Only one stretch of the records below should be repeated. It starts with the line containing "tF : lmodType R -> lmodType R;" and goes on through the line containing "Variable T : tensor_functor B.", exactly as written.

Extracted data entries:

══════════

(* Let $R$ be a ring, $N\geqslant0$, $M$ an $N$-nilpotent $R$-bimodule, $F=M\otimes_R-$, and $X,Y,Z$ left $R$-modules. Let $\mathrm{Ind}(X)\stackrel{\alpha}\to\mathrm{Ind}(Y)\stackrel{\beta}\to\mathrm{Ind}(Z)$ be an exact sequence of $T_R(M)$-modules with $\alpha,\beta$ of the form $(\ast)$, determined by $\alpha_i\in\operatorname{Hom}_R(X,F^{i-1}(Y))$ and $\beta_i\in\operatorname{Hom}_R(Y,F^{i-1}(Z))$. Let $W$ be an $R$-module. Then the sequence $\operatorname{Hom}_{T_R(M)}(\mathrm{Ind}(Z),\mathrm{Ind}(W))\to\operatorname{Hom}_{T_R(M)}(\mathrm{Ind}(Y),\mathrm{Ind}(W))\to\operatorname{Hom}_{T_R(M)}(\mathrm{Ind}(X),\mathrm{Ind}(W))$ (induced by $\beta$ and $\alpha$) is exact if and only if: (C3) for any $f_i\in\operatorname{Hom}_R(Y,F^{i-1}(W))$, $1\leqslant i\leqslant N+1$, with $\sum_{i=1}^{j}F^{i-1}(f_{j-i+1})\circ\alpha_i=0$ for $j=1,\dots,N+1$, there exist $g_i\in\operatorname{Hom}_R(Z,F^{i-1}(W))$, $1\leqslant i\leqslant N+1$, such that $f_j=\sum_{i=1}^{j}F^{i-1}(g_{j-i+1})\circ\beta_i$ for each $1\leqslant j\leqslant N+1$.
   Context: All rings are associative with identity; modules are left modules. For an $R$-bimodule $M$ set $M^{\otimes_R0}=R$ and $M^{\otimes_R(i+1)}=M\otimes_R M^{\otimes_Ri}$; $M$ is $N$-nilpotent if $M^{\otimes_R(N+1)}=0$. The tensor ring is $T_R(M)=\bigoplus_{i=0}^N M^{\otimes_Ri}$. Write $F=M\otimes_R-$. A $T_R(M)$-module is identified with a pair $(X,u)$, $X$ an $R$-module, $u\in\operatorname{Hom}_R(F(X),X)$; morphisms $(X,u)\to(X',u')$ are $R$-maps $f$ with $f\circ u=u'\circ F(f)$; exactness is checked on underlying $R$-modules. For an $R$-module $X$, $\mathrm{Ind}(X)=(\bigoplus_{i=1}^{N+1}F^{i-1}(X),c_X)$ with $c_X$ the inclusion of $F(\bigoplus_{i=1}^{N+1}F^{i-1}(X))\cong\bigoplus_{i=2}^{N+1}F^{i-1}(X)$ into $\bigoplus_{i=1}^{N+1}F^{i-1}(X)$. A morphism $\alpha:\mathrm{Ind}(X)\to\mathrm{Ind}(Y)$ ''of the form $(\ast)$'' determined by $\alpha_i\in\operatorname{Hom}_R(X,F^{i-1}(Y))$ is the lower triangular matrix with $(j,i)$ entry $F^{i-1}(\alpha_{j-i+1})$ for $i\le j$ and $0$ otherwise, i.e. $\alpha(x_1,\dots,x_{N+1})_j=\sum_{i=1}^jF^{i-1}(\alpha_{j-i+1})(x_i)$; every $T_R(M)$-morphism $\mathrm{Ind}(X)\to\mathrm{Ind}(Y)$ has this form. *)

From HB Require Import structures.
From mathcomp Require Import all_boot all_order all_algebra.
From mathcomp Require Import boolp.
Set Implicit Arguments. Unset Strict Implicit. Unset Printing Implicit Defensive.
Import GRing.Theory.
Local Open Scope ring_scope.

Record bimodule_on (R : pzRingType) (M : lmodType R) := BimoduleOn {
  rmul : M -> R -> M;
  rmulA : forall m r s, rmul (rmul m r) s = rmul m (r * s);
  rmul1 : forall m, rmul m 1 = m;
  rmulDl : forall m m' r, rmul (m + m') r = rmul m r + rmul m' r;
  rmulDr : forall m r s, rmul m (r + s) = rmul m r + rmul m s;
  rmulZ : forall a m r, rmul (a *: m) r = a *: rmul m r
}.

Record tensor_functor (R : pzRingType) (M : lmodType R) (B : bimodule_on M) :=
 TensorFunctor {
  tF : lmodType R -> lmodType R;
  tens : forall X : lmodType R, M -> X -> tF X;
  tensDl : forall (X : lmodType R) m m' (x : X), tens (m + m') x = tens m x + tens m' x;
  tensDr : forall (X : lmodType R) m (x x' : X), tens m (x + x') = tens m x + tens m x';
  tens_bal : forall (X : lmodType R) m r (x : X), tens (rmul B m r) x = tens m (r *: x);
  tensZ : forall (X : lmodType R) a m (x : X), a *: tens m x = tens (a *: m) x;
  tens_univ : forall (X : lmodType R) (A : zmodType) (phi : M -> X -> A),
     (forall m m' x, phi (m + m') x = phi m x + phi m' x) ->
     (forall m x x', phi m (x + x') = phi m x + phi m x') ->
     (forall m r x, phi (rmul B m r) x = phi m (r *: x)) ->
     exists h : {additive tF X -> A},
       (forall m x, h (tens m x) = phi m x) /\
       (forall h' : {additive tF X -> A},
           (forall m x, h' (tens m x) = phi m x) -> h' =1 h);
  tFmap : forall X Y : lmodType R, {linear X -> Y} -> {linear tF X -> tF Y};
  tFmapE : forall (X Y : lmodType R) (f : {linear X -> Y}) m x,
     tFmap f (tens m x) = tens m (f x)
}.

Section Tensor.
Variables (R : pzRingType) (M : lmodType R) (B : bimodule_on M).
Variable T : tensor_functor B.

Fixpoint Fpow (n : nat) (X : lmodType R) : lmodType R :=
  match n with 0 => X | n'.+1 => tF T (Fpow n' X) end.

Fixpoint Fmapn (n : nat) (X Y : lmodType R) (f : {linear X -> Y}) :
    {linear Fpow n X -> Fpow n Y} :=
  match n return {linear Fpow n X -> Fpow n Y} with
  | 0 => f
  | n'.+1 => tFmap T (Fmapn n' f)
  end.

Lemma FpowD (a b : nat) (Y : lmodType R) : Fpow a (Fpow b Y) = Fpow (a + b) Y.
Proof. by elim: a => [|a IH] //=; rewrite IH. Qed.

Definition Fcast (a b c : nat) (Y : lmodType R) (e : (a + b)%N = c)
    (x : Fpow a (Fpow b Y)) : Fpow c Y :=
  eq_rect _ (fun U : lmodType R => (U : Type)) x _
    (etrans (FpowD a b Y) (f_equal (fun n => Fpow n Y) e)).

(* N-nilpotency: M^{(x)(N+1)} = 0, where M^{(x)0} = R (regular left module)
   and M^{(x)(i+1)} = M (x)_R M^{(x)i} = F (M^{(x)i}). *)
Definition tpow (i : nat) : lmodType R := Fpow i (R^o : lmodType R).
Definition nilpotent_bimod (N : nat) : Prop := forall m : tpow N.+1, m = 0.

Variable N : nat.

(* index helpers for the matrices of the form (star): for j : 'I_(N+1) and
   i <= j, the indices i and j - i (0-based). *)
Definition wid (j : 'I_N.+1) (i : 'I_j.+1) : 'I_N.+1 := widen_ord (ltn_ord j) i.
Definition sbo (j : 'I_N.+1) (i : 'I_j.+1) : 'I_N.+1 :=
  Ordinal (leq_ltn_trans (leq_subr i j) (ltn_ord j)).
Lemma wid_sbo (j : 'I_N.+1) (i : 'I_j.+1) : (wid i + sbo i)%N = j.
Proof. by rewrite /= subnKC //; have := ltn_ord i; rewrite ltnS. Qed.

(* The underlying R-module of Ind(X): (+)_{i=1}^{N+1} F^{i-1}(X),
   0-based: components indexed by i : 'I_(N+1), the i-th lying in F^i X. *)
Definition dsum (X : lmodType R) : Type := forall i : 'I_N.+1, Fpow i X.

Section DSum.
Variable X : lmodType R.
HB.instance Definition _ := Choice.on (dsum X).
Definition dsum_zero : dsum X := fun i => 0.
Definition dsum_add (u v : dsum X) : dsum X := fun i => u i + v i.
Definition dsum_opp (u : dsum X) : dsum X := fun i => - u i.
Definition dsum_scale (a : R) (u : dsum X) : dsum X := fun i => a *: u i.
Lemma dsum_addA : associative dsum_add.
Proof. by move=> u v w; apply: functional_extensionality_dep => i; rewrite /dsum_add addrA. Qed.
Lemma dsum_addC : commutative dsum_add.
Proof. by move=> u v; apply: functional_extensionality_dep => i; rewrite /dsum_add addrC. Qed.
Lemma dsum_add0 : left_id dsum_zero dsum_add.
Proof. by move=> u; apply: functional_extensionality_dep => i; rewrite /dsum_add add0r. Qed.
Lemma dsum_addN : left_inverse dsum_zero dsum_opp dsum_add.
Proof. by move=> u; apply: functional_extensionality_dep => i; rewrite /dsum_add addNr. Qed.
HB.instance Definition _ := GRing.isZmodule.Build (dsum X)
  dsum_addA dsum_addC dsum_add0 dsum_addN.
Lemma dsum_scaleA a b (u : dsum X) :
  dsum_scale a (dsum_scale b u) = dsum_scale (a * b) u.
Proof. by apply: functional_extensionality_dep => i; rewrite /dsum_scale scalerA. Qed.
Lemma dsum_scale1 : left_id 1 dsum_scale.
Proof. by move=> u; apply: functional_extensionality_dep => i; rewrite /dsum_scale scale1r. Qed.
Lemma dsum_scaleDr : right_distributive dsum_scale +%R.
Proof. by move=> a u v; apply: functional_extensionality_dep => i; rewrite /dsum_scale scalerDr. Qed.
Lemma dsum_scaleDl (u : dsum X) : {morph dsum_scale^~ u : a b / a + b}.
Proof. by move=> a b; apply: functional_extensionality_dep => i; rewrite /dsum_scale scalerDl. Qed.
HB.instance Definition _ := GRing.Zmodule_isLmodule.Build R (dsum X)
  dsum_scaleA dsum_scale1 dsum_scaleDr dsum_scaleDl.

══════════

FINISHED TASK:
  tF : lmodType R -> lmodType R;
  tens : forall X : lmodType R, M -> X -> tF X;
  tensDl : forall (X : lmodType R) m m' (x : X), tens (m + m') x = tens m x + tens m' x;
  tensDr : forall (X : lmodType R) m (x x' : X), tens m (x + x') = tens m x + tens m x';
  tens_bal : forall (X : lmodType R) m r (x : X), tens (rmul B m r) x = tens m (r *: x);
  tensZ : forall (X : lmodType R) a m (x : X), a *: tens m x = tens (a *: m) x;
  tens_univ : forall (X : lmodType R) (A : zmodType) (phi : M -> X -> A),
     (forall m m' x, phi (m + m') x = phi m x + phi m' x) ->
     (forall m x x', phi m (x + x') = phi m x + phi m x') ->
     (forall m r x, phi (rmul B m r) x = phi m (r *: x)) ->
     exists h : {additive tF X -> A},
       (forall m x, h (tens m x) = phi m x) /\
       (forall h' : {additive tF X -> A},
           (forall m x, h' (tens m x) = phi m x) -> h' =1 h);
  tFmap : forall X Y : lmodType R, {linear X -> Y} -> {linear tF X -> tF Y};
  tFmapE : forall (X Y : lmodType R) (f : {linear X -> Y}) m x,
     tFmap f (tens m x) = tens m (f x)
}.

Section Tensor.
Variables (R : pzRingType) (M : lmodType R) (B : bimodule_on M).
Variable T : tensor_functor B.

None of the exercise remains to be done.